Chefnotiz am Mittwoch 22.10.2014

Ölkrieg? USA preisen Russland aus Markt

Weltweit steigt die Rohölproduktion, aber die Nachfrage ist schwach. Fallende Preise sind die logische Konsequenz. Soweit so gut? Nein. Interessant wird die Angelegenheit mit Blick darauf, welche Bedeutung der Ölpreis für die jeweils produzierenden Länder hat.

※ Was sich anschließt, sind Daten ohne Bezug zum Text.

Lemma bil_mxv T (u v : vec3) : orthogonal3 T -> bil (mxv T u) (mxv T v) = bil u v.
Proof.
move=> /mulmx1C /matrixP TtT.
have colT a b : \sum_(k < 3) T k a * T k b = (a == b)%:R.
  by have := TtT a b; rewrite !mxE => <-; apply: eq_bigr => k _; rewrite mxE.
have -> : bil (mxv T u) (mxv T v) =
    \sum_(a < 3) \sum_(b < 3) (\sum_(k < 3) T k a * T k b)%:C * u a * v b.
  by rewrite /bil /mxv !sum3E !rmorphD !rmorphM; ring.
under eq_bigr do under eq_bigr do rewrite colT.
by rewrite /bil !sum3E /=; ring.
Qed.

Lemma conjcD (z w : C) : conjc (z + w) = conjc z + conjc w.
Proof. by case: z w => [a b] [c d]; simpc. Qed.

Lemma conjcM (z w : C) : conjc (z * w) = conjc z * conjc w.
Proof. by case: z w => [a b] [c d]; simpc. Qed.

Lemma conjv_mxv T v : conjv (mxv T v) = mxv T (conjv v).
Proof. by apply: funext => i; rewrite /conjv /mxv !sum3E !conjcD !conjcM !conjc_real. Qed.

Lemma conjvZ c v : conjv (vscale c v) = vscale (conjc c) (conjv v).
Proof. by apply: funext => i; rewrite /conjv /vscale conjcM. Qed.

Lemma ImD (z w : C) : Im (z + w) = Im z + Im w.
Proof. by case: z w => [a b] [c d]. Qed.

Lemma ImM (z w : C) : Im (z * w) = Re z * Im w + Im z * Re w.
Proof. by case: z w => [a b] [c d] /=; ring. Qed.

Lemma real_complexRe (z : C) : Im z = 0 -> z = (Re z)%:C.
Proof. by case: z => a b /= ->. Qed.

Lemma conjc_Im0 (z : C) : Im z = 0 -> conjc z = z.
Proof. by case: z => a b /= ->; rewrite oppr0. Qed.

Lemma real_sum3 (F : 'I_3 -> C) : (forall j, Im (F j) = 0) -> Im (\sum_(j < 3) F j) = 0.
Proof. by move=> F_real; rewrite sum3E !ImD !F_real !addr0. Qed.

Lemma real_tact T (f : tens3) : real_tens f -> real_tens (tact T f).
Proof.
move=> f_real i j k; do 3!apply: real_sum3 => ?.
by rewrite !ImM f_real /=; ring.
Qed.

Lemma vec3_eq0_or_neq0 (v : vec3) : (forall j, v j = 0) \/ exists j, v j != 0.
Proof.
case: (v i0 =P 0) => [v0|/eqP]; last by right; exists i0.
case: (v i1 =P 0) => [v1|/eqP]; last by right; exists i1.
case: (v i2 =P 0) => [v2|/eqP]; last by right; exists i2.
by left => j; case: (ord3P j) => ->.
Qed.

Lemma sqr3_eq0 (x y z : R) : x ^+ 2 + y ^+ 2 + z ^+ 2 = 0 -> [/\ x = 0, y = 0 & z = 0].
Proof.
move=> H; have := sqr_ge0 x; have := sqr_ge0 y; have := sqr_ge0 z => *.
by split; apply/eqP; rewrite -sqrf_eq0; apply/eqP; lra.
Qed.

Lemma sqr_gt0 (x : R) : x != 0 -> 0 < x ^+ 2.
Proof. by move=> x_neq0; rewrite exprn_even_gt0 //= x_neq0 orbT. Qed.

Lemma bil_rvec (u v : 'I_3 -> R) : bil (rvec u) (rvec v) = (\sum_(j < 3) u j * v j)%:C.
Proof. by rewrite /bil /rvec !sum3E !rmorphD !rmorphM. Qed.

Lemma rvec_isotropic (w : 'I_3 -> R) : bil (rvec w) (rvec w) = 0 -> forall j, w j = 0.
Proof.
rewrite bil_rvec sum3E => /complexI; rewrite -!expr2 => /sqr3_eq0 [w0 w1 w2] j.
by case: (ord3P j) => ->.
Qed.
Lemma agree_below_decides_list (Psi : list (form At Ag)) : exists n, forall x y, X x -> X y ->
  agree_below e n x y -> forall psi, In psi Psi -> (psat x psi <-> psat y psi).
Proof.
  destruct (list_uniform_bound (fun psi n => forall x y, X x -> X y ->
              agree_below e n x y -> (psat x psi <-> psat y psi)) Psi) as [n Hn].
  - intros psi m m' H Hle x y Hx Hy Hag. apply H; auto. eapply agree_below_mono; eauto.
  - intros psi _. apply agree_below_decides.
  - exists n. intros x y Hx Hy Hag psi Hpsi. apply Hn; auto.
Qed.

End Descriptor.

Section Update.
Context {At Ag : Type} (L : form At Ag -> Prop) (A : amodel At Ag) (l : list (form At Ag)).
Hypotheses (hL : normal_logic L)
           (hpre : forall s, exists a, In a l /\ lequiv L (Defs.pre A s) a).

Definition translates (phi : form At Ag) (tau : act A) (chi : form At Ag) : Prop :=
  forall x (h : psat x (Defs.pre A tau)), theory_holds L x ->
    (psat (upd x A tau h) phi <-> psat x chi).

(* The reduction axioms of product update; precondition finiteness keeps the
   translations of each formula within a finite list. *)
Lemma finite_translation phi :
  exists F, forall tau, exists chi, In chi F /\ translates phi tau chi.
Proof.
  induction phi as [| p | phi IH | phi1 IH1 phi2 IH2 | i phi IH].
  - exists (Top _ _ :: nil). intros tau. exists (Top _ _). split; [left; reflexivity|].
    intros x h _. simpl. tauto.
  - exists (Top _ _ :: Neg (Top _ _) :: Defs.Var _ p :: nil). intros tau.
    destruct (classic (pent (post A tau) (Defs.Var _ p))) as [Hp|Hp];
      [|destruct (classic (pent (post A tau) (Neg (Defs.Var _ p)))) as [Hn|Hn]].
    + exists (Top _ _). split; [simpl; auto|]. intros x h _. unfold psat. simpl. tauto.
    + exists (Neg (Top _ _)). split; [simpl; auto|]. intros x h _. unfold psat. simpl. tauto.
    + exists (Defs.Var _ p). split; [simpl; auto|]. intros x h _. unfold psat. simpl. tauto.
  - destruct IH as [F HF]. exists (map (@Neg At Ag) F). intros tau.
    destruct (HF tau) as [chi [Hin Htr]]. exists (Neg chi). split; [apply in_map, Hin|].
    intros x h Hx. specialize (Htr x h Hx). unfold psat in *. cbn [sat]. tauto.
  - destruct IH1 as [F1 HF1], IH2 as [F2 HF2].
    exists (map (fun pr => Defs.And (fst pr) (snd pr)) (list_prod F1 F2)). intros tau.
    destruct (HF1 tau) as [chi1 [Hin1 Htr1]], (HF2 tau) as [chi2 [Hin2 Htr2]].
    exists (Defs.And chi1 chi2).
    split; [apply (in_map (fun pr => Defs.And (fst pr) (snd pr)) _ (chi1, chi2)), in_prod; auto|].
    intros x h Hx. specialize (Htr1 x h Hx). specialize (Htr2 x h Hx).
    unfold psat in *. cbn [sat]. tauto.
  - destruct IH as [F HF].
    set (boxes := fun S : list (form At Ag * form At Ag) =>
                    conj (map (fun pr => Box i (Imp (fst pr) (snd pr))) S)).
    exists (map boxes (sublists (list_prod l F))). intros tau.
    destruct (sublists_spec (fun pr => exists u, arel A i tau u /\
                lequiv L (Defs.pre A u) (fst pr) /\ translates phi u (snd pr))
                (list_prod l F)) as [S [HS HSspec]].
    exists (boxes S). split; [apply in_map, HS|].
    intros x h Hx. unfold boxes. rewrite psat_conj_map. split.
    + intros Hbox [a chi] Hin t Hr. apply sat_Imp. intros Ha.
      apply HSspec in Hin as [_ (u & Hau & Hq & Htr)]. simpl in Hq, Htr.
      pose proof (theory_holds_succ hL Hx Hr) as Ht.
      assert (h' : psat (PModel (pm x) t) (Defs.pre A u)).
      { apply (theory_holds_lequiv Ht Hq), Ha. }
      apply (Htr _ h' Ht). exact (Hbox (exist _ (t, u) h') (Logic.conj Hr Hau)).
    + intros Hc [[t u] h'] [Hr Hau]. simpl in Hr, Hau, h'.
      pose proof (theory_holds_succ hL Hx Hr) as Ht.
      destruct (hpre u) as [a [Ha Hq]]. destruct (HF u) as [chi [Hchi Htr]].
      assert (Hin : In (a, chi) S).
      { apply HSspec. split; [apply in_prod; assumption|]. exists u. auto. }
      apply (Htr (PModel (pm x) t) h' Ht).
      apply (proj1 (sat_Imp _ _ _ _) (Hc _ Hin t Hr)).
      apply (theory_holds_lequiv Ht Hq), h'.
Qed.

Context (X : pmodel At Ag -> Prop).
Hypotheses (hs : sound L X) (hdet : deterministic X A).

Lemma deterministic_same_action x y s s' (h : psat x (Defs.pre A s))
    (h' : psat y (Defs.pre A s')) :
  X x -> X y -> des A s -> des A s' ->
  (forall a, In a l -> (psat x a <-> psat y a)) -> s = s'.
Proof.
  intros Hx Hy Hs Hs' Hag. apply NNPP. intros Hne.
  apply (hdet y Hy s s' Hs Hs' Hne). split; [|exact h'].
  destruct (hpre s) as [a [Ha Hq]].
  apply (theory_holds_lequiv (sound_theory_holds hs Hy) Hq), (Hag a Ha).
  apply (theory_holds_lequiv (sound_theory_holds hs Hx) Hq), h.
Qed.

Lemma update_decided_by_list phi : exists Psi, forall x y s s'
    (h : psat x (Defs.pre A s)) (h' : psat y (Defs.pre A s')),
  X x -> X y -> des A s -> des A s' ->
  (forall psi, In psi Psi -> (psat x psi <-> psat y psi)) ->
  (psat (upd x A s h) phi <-> psat (upd y A s' h') phi).
Proof.
  destruct (finite_translation phi) as [F HF]. exists (l ++ F).
  intros x y s s' h h' Hx Hy Hs Hs' Hag.
  assert (s = s') as <-.
  { apply (deterministic_same_action x y s s' h h'); auto.
    intros a Ha. apply Hag, in_or_app. left. exact Ha. }
  destruct (HF s) as [chi [Hchi Htr]].
  rewrite (Htr x h (sound_theory_holds hs Hx)), (Htr y h' (sound_theory_holds hs Hy)).
  apply Hag, in_or_app. right. exact Hchi.
Qed.

End Update.

Lemma update_agree_below {At Ag : Type} (L : form At Ag -> Prop) (X : pmodel At Ag -> Prop)
    (D : form At Ag -> Prop) (e : nat -> option (form At Ag)) (A : amodel At Ag)
    (l : list (form At Ag)) :
  normal_logic L -> sound L X -> representative L D -> enumeration L D e ->
  (forall s, exists a, In a l /\ lequiv L (Defs.pre A s) a) -> deterministic X A ->
  forall N, exists n, forall x y s s' (h : psat x (Defs.pre A s)) (h' : psat y (Defs.pre A s')),
    X x -> X y -> des A s -> des A s' ->
    agree_below e n x y -> agree_below e N (upd x A s h) (upd y A s' h').
Proof.
  intros hL hs hD he hpre hdet N.
  destruct (list_uniform_bound
              (fun k n => forall x y s s' h h', X x -> X y -> des A s -> des A s' ->
                 agree_below e n x y -> forall b, e k = Some b ->
                 (psat (upd x A s h) b <-> psat (upd y A s' h') b))
              (seq 0 N)) as [n Hn].
  - intros k m m' H Hle x y s s' h h' Hx Hy Hs Hs' Hag.
    apply H; auto. eapply agree_below_mono; eauto.
  - intros k _. destruct (e k) as [phi|].
    + destruct (update_decided_by_list L A l hL hpre X hs hdet phi) as [Psi HPsi].
      destruct (agree_below_decides_list L X D e hs hD he Psi) as [n Hn].
      exists n. intros x y s s' h h' Hx Hy Hs Hs' Hag b [= <-].
      apply HPsi; auto.
    + exists O. discriminate.
  - exists n. intros x y s s' h h' Hx Hy Hs Hs' Hag k b Hk Hb.
    apply (Hn k); auto. apply in_seq. lia.
Qed.

Lemma Series_term_le (a : nat -> R) :
  (forall k, 0 <= a k) -> ex_series a -> forall k, a k <= Series a.
Proof.
  intros Ha Hs k. apply Rle_trans with (sum_f_R0 a k).
  - destruct k as [|k]; [simpl; lra|]. rewrite tech5. pose proof (cond_pos_sum a k Ha). lra.
  - apply sum_incr; [|exact Ha]. apply is_series_Reals, Series_correct, Hs.
Qed.
Theorem lemma2p2 (K : closedFieldType) (V A Omega : finType)
  (src tgt : A -> V) (iq jq : Omega -> V) (d : V -> nat)
  (hiq : injective iq) (hjq : injective jq)
  (hij : forall q q' : Omega, iq q != jq q')
  (hd : forall q : Omega, d (iq q) = d (jq q))
  (hA : forall a : A, ~~ (isdual jq (src a) && isdual jq (tgt a)))
  (part : A -> seq nat) (r : A -> nat)
  (hpart : forall a : A, is_partition (part a))
  (hr : forall a : A, sumn (part a) = r a)
  (hom : hom_nonzero (Lam2 src tgt jq part) (Lam1 src tgt jq part)
           (@inH K V Omega iq jq d hd)) :
  [/\ \sum_(a | inA2 src tgt jq a) r a = \sum_(a | inA3 src tgt jq a) r a,
      (forall v : V, isord iq jq v ->
         \sum_(a | tgt a == v) r a = \sum_(a | src a == v) r a)
    & (forall q : Omega,
         \sum_(a | tgt a == iq q) r a + \sum_(a | src a == jq q) r a
         = \sum_(a | src a == iq q) r a + \sum_(a | tgt a == jq q) r a)].
Proof.
have deg_eq G := @hom_nonzero_deg_on K V Omega iq jq d hd _ _ G hom.
split.
- exact: sum_inA2_eq_sum_inA3 hA hr deg_eq.
- exact: ord_vertex_balanced hA hr deg_eq.
- exact: paired_vertices_balanced hA hr deg_eq hiq hjq hij.
Qed.
Lemma le_eball c r r' : r <= r' -> eball c r `<=` eball c r'.
Proof. by move=> rr' z zr; exact: lt_le_trans zr rr'. Qed.

Lemma le_oball s c r r' : r <= r' -> oball s c r `<=` oball s c r'.
Proof. by move=> rr' z [Oz zr]; split => //; exact: lt_le_trans zr rr'. Qed.

Lemma oball_plane c r : oball Plane c r = eball c r.
Proof. by apply/seteqP; split => z /=; [case | split]. Qed.

Lemma measurable_eball c r : measurable (eball c r).
Proof.
by apply: measurable_lt; rewrite /eucl_dist /cabs /csub /=; measurable_expr.
Qed.

Lemma measurable_oball s c r : measurable (oball s c r).
Proof.
case: s; first by rewrite oball_plane; exact: measurable_eball.
have -> : oball Disc c r = [set z | cabs z < 1] `&` [set z | hyp_dist c z < r].
  by apply/seteqP; split => z /=.
apply: measurableI; apply: measurable_lt;
  rewrite /hyp_dist /cabs /csub /cmul /cconj /cone /=; measurable_expr.
Qed.

Lemma norm2_le_of_dist2 y z (M : R) : norm2 y <= M -> M < 1 ->
  dist2 y z <= ((1 - M) / 8) ^+ 2 -> norm2 z <= (1 + M) / 2.
Proof.
move=> yM M1 yz; set e := (1 - M) / 8 in yz.
have e0 : 0 <= e by rewrite divr_ge0 // subr_ge0 ltW.
have e1 : e <= 1 / 8 by rewrite ler_pM2r //; have := norm2_ge0 y; lra.
have cauchy_schwarz : (y.1 * (z.1 - y.1) + y.2 * (z.2 - y.2)) ^+ 2 <= norm2 y * dist2 y z.
  have := sqr_ge0 (y.1 * (z.2 - y.2) - y.2 * (z.1 - y.1)); rewrite /norm2 /dist2; nra.
have dot_le : y.1 * (z.1 - y.1) + y.2 * (z.2 - y.2) <= e.
  have : norm2 y * dist2 y z <= e ^+ 2.
    by rewrite -[e ^+ 2]mul1r ler_pM ?norm2_ge0 ?dist2_ge0 //; lra.
  nra.
have -> : norm2 z = norm2 y + 2 * (y.1 * (z.1 - y.1) + y.2 * (z.2 - y.2)) + dist2 y z.
  by rewrite /norm2 /dist2; ring.
rewrite /e in e0 e1 dot_le yz *; nra.
Qed.

End PlaneGeometry.

Section SegmentCoordinates.
Variables (R : realType) (a b : (R * R)%type).
Hypothesis ab : a != b.
Local Notation T := (R * R)%type.

Definition seg_len2 := dist2 b a.

(* Coordinates in the frame with origin [a], first axis [b - a] and second
   axis [b - a] turned by a right angle; [seg_pt] is the inverse map. *)
Definition seg_pt (s t : R) : T :=
  (a.1 + s * (b.1 - a.1) - t * (b.2 - a.2), a.2 + s * (b.2 - a.2) + t * (b.1 - a.1)).
Definition seg_s (z : T) :=
  ((z.1 - a.1) * (b.1 - a.1) + (z.2 - a.2) * (b.2 - a.2)) / seg_len2.
Definition seg_t (z : T) :=
  ((z.2 - a.2) * (b.1 - a.1) - (z.1 - a.1) * (b.2 - a.2)) / seg_len2.
(* Iterating the block form gives T^n = [[T1^n, S_n], [0, T2^n]], and the corner
   S_n is bounded by ||T^n|| since S_n y is the first component of T^n (0, y).
   If (u, v) = T^-n (x, y) then v = T2^-n y and u = T1^-n (x - S_n v), so
   ||u||^2 <= ||T1^-n||^2 (2 ||x||^2 + 2 ||T^n||^2 ||v||^2) by the parallelogram
   law; adding ||v||^2 <= ||T2^-n||^2 ||y||^2 gives the bound.  The same estimate
   with n = 1 shows that the explicit block inverse of T is bounded. *)

Section RealSquares.
Context {R : realDomainType}.

Lemma ler_sqr_mul (u c v : R) : 0 <= u -> u <= c * v -> u ^+ 2 <= c ^+ 2 * v ^+ 2.
Proof. by move=> u0 le_u; rewrite -exprMn ler_pXn2r ?nnegrE // (le_trans u0). Qed.

Lemma ler_of_sqr (u c w : R) : 0 <= c -> 0 <= w ->
  u ^+ 2 <= c ^+ 2 * w ^+ 2 -> u <= c * w.
Proof.
move=> c0 w0 le_u2; have cw0 : 0 <= c * w by rewrite mulr_ge0.
have [u0|/ltW u0] := leP 0 u; last exact: le_trans u0 cw0.
by rewrite -ler_sqr ?nnegrE // exprMn.
Qed.

End RealSquares.

Section ComplexRe.
Context {R : rcfType}.
Local Open Scope complex_scope.

Lemma ReD (a b : R[i]) : complex.Re (a + b) = complex.Re a + complex.Re b.
Proof. by case: a; case: b. Qed.

Lemma ReN (a : R[i]) : complex.Re (- a) = - complex.Re a.
Proof. by case: a. Qed.

Lemma Re_realM (r : R) (a : R[i]) : complex.Re (r%:C * a) = r * complex.Re a.
Proof. by case: a => a b /=; rewrite mul0r subr0. Qed.

Lemma Re_ge0 (z : R[i]) : 0 <= z -> 0 <= complex.Re z.
Proof. by rewrite lecE => /andP[]. Qed.

End ComplexRe.

Section InnerProduct.
Context {R : realType} {H : Hilbert R}.
Local Open Scope complex_scope.
Implicit Types (x y z : H).

Lemma hinner0l z : hinner 0 z = 0.
Proof.
have := hinnerDl 1 0 0 z; rewrite scaler0 addr0 mul1r => E.
by apply: (addrI (hinner 0 z)); rewrite addr0 -E.
Qed.

Lemma hinnerZl a x z : hinner (a *: x) z = a * hinner x z.
Proof. by have := hinnerDl a x 0 z; rewrite addr0 hinner0l addr0. Qed.

Lemma hinner_addl x y z : hinner (x + y) z = hinner x z + hinner y z.
Proof. by have := hinnerDl 1 x y z; rewrite scale1r mul1r. Qed.

Lemma hinnerNl x z : hinner (- x) z = - hinner x z.
Proof. by rewrite -scaleN1r hinnerZl mulN1r. Qed.

Lemma hinner_addr x y z : hinner z (x + y) = hinner z x + hinner z y.
Proof.
by rewrite hinnerC hinner_addl rmorphD; congr (_ + _); apply/esym/hinnerC.
Qed.

Lemma hinnerNr x z : hinner z (- x) = - hinner z x.
Proof.
by rewrite hinnerC hinnerNl rmorphN; congr (- _); apply/esym/hinnerC.
Qed.

Lemma hinnerZr_real (r : R) x z : hinner z (r%:C *: x) = r%:C * hinner z x.
Proof.
rewrite hinnerC hinnerZl rmorphM; congr (_ * _); last exact/esym/hinnerC.
by apply: conj_Creal; rewrite complex_real.
Qed.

So finanziert sich der russische Staatshaushalt zu fünfzig Prozent über Einnahmen aus dem Ölexport. Damit der Haushalt ausgeglichen bleibt, darf der Preis ein gewisses Niveau nicht unterschreiten. 105 US-Dollar je Barrel im Schnitt, heißt es in einer Studie des Finanzdienstleisters Citigroup. Das russische Finanzministerium ist etwas optimistischer. Es reiche, wenn Brent ein Niveau von mindestens 96 US-Dollar hält – an der Nordseesorte orientiert sich das russische Referenzöl „Urals“.

Doch sowohl Brent als auch die amerikanische Sorte WTI (West Texas Intermediate) liegen deutlich darunter. Brent fiel seit Juni von 115 Dollar je Barrel auf bis zu 87 Dollar. WTI kostet aktuell ungefähr   85 Dollar/Barrel – der Monatsschlusskurs im Juni lag noch bei gut 105  Dollar.

Eigentlich sollte man erwarten, dass die ölfördernden Länder ihre Produktion drosseln. Das Gegenteil ist der Fall.  Besonders auffällig in dem Geschehen ist die Rolle der USA. Das US-Energieministerium verkündete diesen Monat, die Rohölproduktion sei auf 8, 88 Mio. Barrel/Tag gestiegen. Damit verzeichnen die Staaten das höchste Niveau seit März 1986. Zwar liegt der durchschnittliche Förderpreis in den Vereinigten Staaten ebenso wie in Russland bei 76 bis 77 Dollar. Nur ist der amerikanische Haushalt bei weitem nicht so abhängig von diesem Geschäft.

Insofern ist die Vermutung nicht abwegig: Die USA versuchen Russland mit billigem Öl unter Druck zu setzen. Das Manöver kommt zu einem delikaten Moment. Zeitgleich kämpft Präsident Putin mit Sanktionen aus dem Westen. Der Doppelbeschuss dürfte bald Wirkung zeigen.